Train/Test Split & Target

from sklearn.model_selection import train_test_split

y = df["_MICHD"].replace({2: 0})   # 1 = CHD/MI ever; 0 = otherwise
X = df.drop(columns=["_MICHD"])

X_train, X_test, y_train, y_test = train_test_split(
    X, y, test_size=0.40, random_state=42, stratify=y
)

Recall-Focused CV & Threshold Search

from sklearn.model_selection import GridSearchCV
from sklearn.linear_model import LogisticRegression
import numpy as np

# Logistic Regression (recall-first)
lr = LogisticRegression(penalty="l1", solver="saga", max_iter=2000)
grid = {"C": [0.5, 1, 1.4142, 2, 3]}
lr_cv = GridSearchCV(lr, grid, scoring="recall", cv=10, n_jobs=-1).fit(X_train, y_train)
lr_best = lr_cv.best_estimator_.fit(X_train, y_train)
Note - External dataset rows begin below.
Lemma sum_corner_cachers_le (enc : demand K alpha F -> library K alpha F B -> 'I_L -> bool)
    (dec : 'I_K -> demand K alpha F -> (fidx K alpha F * 'I_B -> bool) ->
           ('I_L -> bool) -> 'I_B -> bool) (Rt : R) :
  (forall d, admissible d -> forall lib k i,
     dec k d (cache_content Z k lib) (enc d lib) i = lib (d k) i) ->
  L%:R <= Rt * B%:R ->
  \sum_p corner #|cachers Z p| <= #|{: fidx K alpha F * 'I_B}|%:R * Rt.
Proof.
move=> dec_ok L_le.
have fact_gt0 : 0 < K`!%:R :> R by rewrite ltr0n fact_gt0.
have C_gt0 : 0 < 'C(K, alpha)%:R :> R by rewrite ltr0n bin_gt0.
rewrite -(ler_pM2l fact_gt0) mulr_sumr.
under eq_bigr => p _ do rewrite -multiplicity_corner.
rewrite -mulr_suml -natr_sum card_prod card_fidx card_ord /nfiles.
apply: (@le_trans _ _ ((F * K`! * L)%:R * 'C(K, alpha)%:R)).
  by rewrite ler_pM2r // ler_nat (sum_multiplicity_le alpha_gt0 alpha_leK enough_files dec_ok).
rewrite !natrM; set KFC : R := K`!%:R * (F%:R * 'C(K, alpha)%:R).
have [-> ->] : F%:R * K`!%:R * L%:R * 'C(K, alpha)%:R = KFC * L%:R /\
    K`!%:R * (F%:R * 'C(K, alpha)%:R * B%:R * Rt) = KFC * (Rt * B%:R).
  by split; rewrite /KFC; ring.
by rewrite ler_wpM2l // /KFC mulr_ge0 ?mulr_ge0 ?ler0n.
Qed.
Lemma sum_cachers_le (M : R) : (0 < nfiles K alpha F)%N ->
  (forall k, #|Z k|%:R <= M * B%:R) ->
  (\sum_p #|cachers Z p|)%:R <=
    #|{: fidx K alpha F * 'I_B}|%:R * (K%:R * M / (nfiles K alpha F)%:R).
Proof.
move=> N_gt0 Z_le; rewrite sum_card_cachers natr_sum card_prod card_fidx card_ord.
apply: le_trans (ler_sum _ (fun k _ => Z_le k)) _.
rewrite sumr_const card_ord -mulr_natl natrM le_eqVlt; apply/orP; left; apply/eqP.
by field; rewrite pnatr_eq0 -lt0n.
Qed.

End CornerAverage.
(* Writing out [eps_hat], the sine sums collapse into a convolution of the colouring g
   with the kernel k(x) = sum_(l<n) 2 cos((2l+1)x) = sin(2nx)/sin x; as g is odd,
   s_hat(th) = (K sqrt n / 2) int_(-pi)^pi g(phi) k(th - phi) dphi.  Both g and k change
   sign under a shift by pi, so the integral may be taken over any window
   [q pi/2, q pi/2 + pi]; we take one with th well inside it.  Then s_hat(th) / (K sqrt n)
   is a signed sum of the integrals of k over the translates th - I, which lie in
   (-3pi/4, 3pi/4).
   A translate at distance at least pi/n from 0 has endpoints at which cos(2nx) agrees, so
   integrating by parts bounds its integral by (1/n) int 1/sin^2; over all these disjoint
   translates this adds up to at most 2/(n sin(pi/n)), about 2/pi.  Of the other translates,
   by separation either one contains 0 or at most one lies on each side of 0.  The
   primitive of k from 0 stays in [0, 1.94] on [0, pi/2] (its maximum is about Si(pi)) and
   exceeds 1.36 beyond pi/(2n) (about Si(2pi)), so they contribute at most 3.88 in absolute
   value, and a translate containing 0 -- as th - I does when th is in I -- contributes at
   least 1.36.  Hence |s_hat| <= (3.88 + 0.64) K sqrt n everywhere, and
   |s_hat| >= (1.36 - 0.64) K sqrt n on the intervals. *)

Lemma ind_true (P : Prop) : P -> ind P = 1.
Proof. intros HP; unfold ind; destruct (excluded_middle_informative P); tauto. Qed.

Lemma ind_false (P : Prop) : ~ P -> ind P = 0.
Proof. intros HP; unfold ind; destruct (excluded_middle_informative P); tauto. Qed.

Lemma rsum_ext f g m : (forall i, (i < m)%nat -> f i = g i) -> rsum f m = rsum g m.
Proof. induction m as [|m IH]; intros H; simpl; auto. rewrite IH, H; auto. Qed.

Lemma rsum_plus f g m : rsum (fun i => f i + g i) m = rsum f m + rsum g m.
Proof. induction m as [|m IH]; simpl; [ring|]. rewrite IH; ring. Qed.

Lemma rsum_scal c f m : rsum (fun i => c * f i) m = c * rsum f m.
Proof. induction m as [|m IH]; simpl; [ring|]. rewrite IH; ring. Qed.

Lemma rsum_mult_r f c m : rsum f m * c = rsum (fun i => f i * c) m.
Proof. induction m as [|m IH]; simpl; [ring|]. rewrite <- IH; ring. Qed.

Lemma rsum_le f g m : (forall i, (i < m)%nat -> f i <= g i) -> rsum f m <= rsum g m.
Proof. induction m as [|m IH]; intros H; simpl; [lra|]. apply Rplus_le_compat; auto. Qed.

Lemma rsum_abs f m : Rabs (rsum f m) <= rsum (fun i => Rabs (f i)) m.
Proof.
  induction m as [|m IH]; simpl; [rewrite Rabs_R0; lra|].
  eapply Rle_trans; [apply Rabs_triang | lra].
Qed.

Lemma rsum_zero f m : (forall i, (i < m)%nat -> f i = 0) -> rsum f m = 0.
Proof. induction m as [|m IH]; intros H; simpl; auto. rewrite IH, H; auto; ring. Qed.

Lemma rsum_single f m i0 : (i0 < m)%nat ->
  (forall i, (i < m)%nat -> i <> i0 -> f i = 0) -> rsum f m = f i0.
Proof.
  induction m as [|m IH]; intros Hi H; [lia|]. simpl.
  destruct (Nat.eq_dec i0 m) as [->|Hne].
  - rewrite rsum_zero; [ring|]. intros; apply H; lia.
  - rewrite IH, (H m) by (try lia; intros; apply H; lia). ring.
Qed.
def min_cost_threshold(y_true, proba, fn_cost=100, fp_cost=10):
    best_t, best_c = 0.5, float("inf")
    for t in np.linspace(0, 1, 501):
        yhat = (proba >= t).astype(int)
        fp = ((yhat==1) & (y_true==0)).sum()
        fn = ((yhat==0) & (y_true==1)).sum()
        c = fn_cost*fn + fp_cost*fp
        if c < best_c: best_t, best_c = t, c
    return best_t, best_c

t_opt, _ = min_cost_threshold(y_test.values, lr_best.predict_proba(X_test)[:,1])

Conclusion & Future Work

Cost-aware thresholding aligns the model with clinical priorities (catch more positives). Logistic Regression performed best after tuning. Next: calibrate probabilities, explore cost-sensitive learners and class-imbalance remedies, and validate on external cohorts.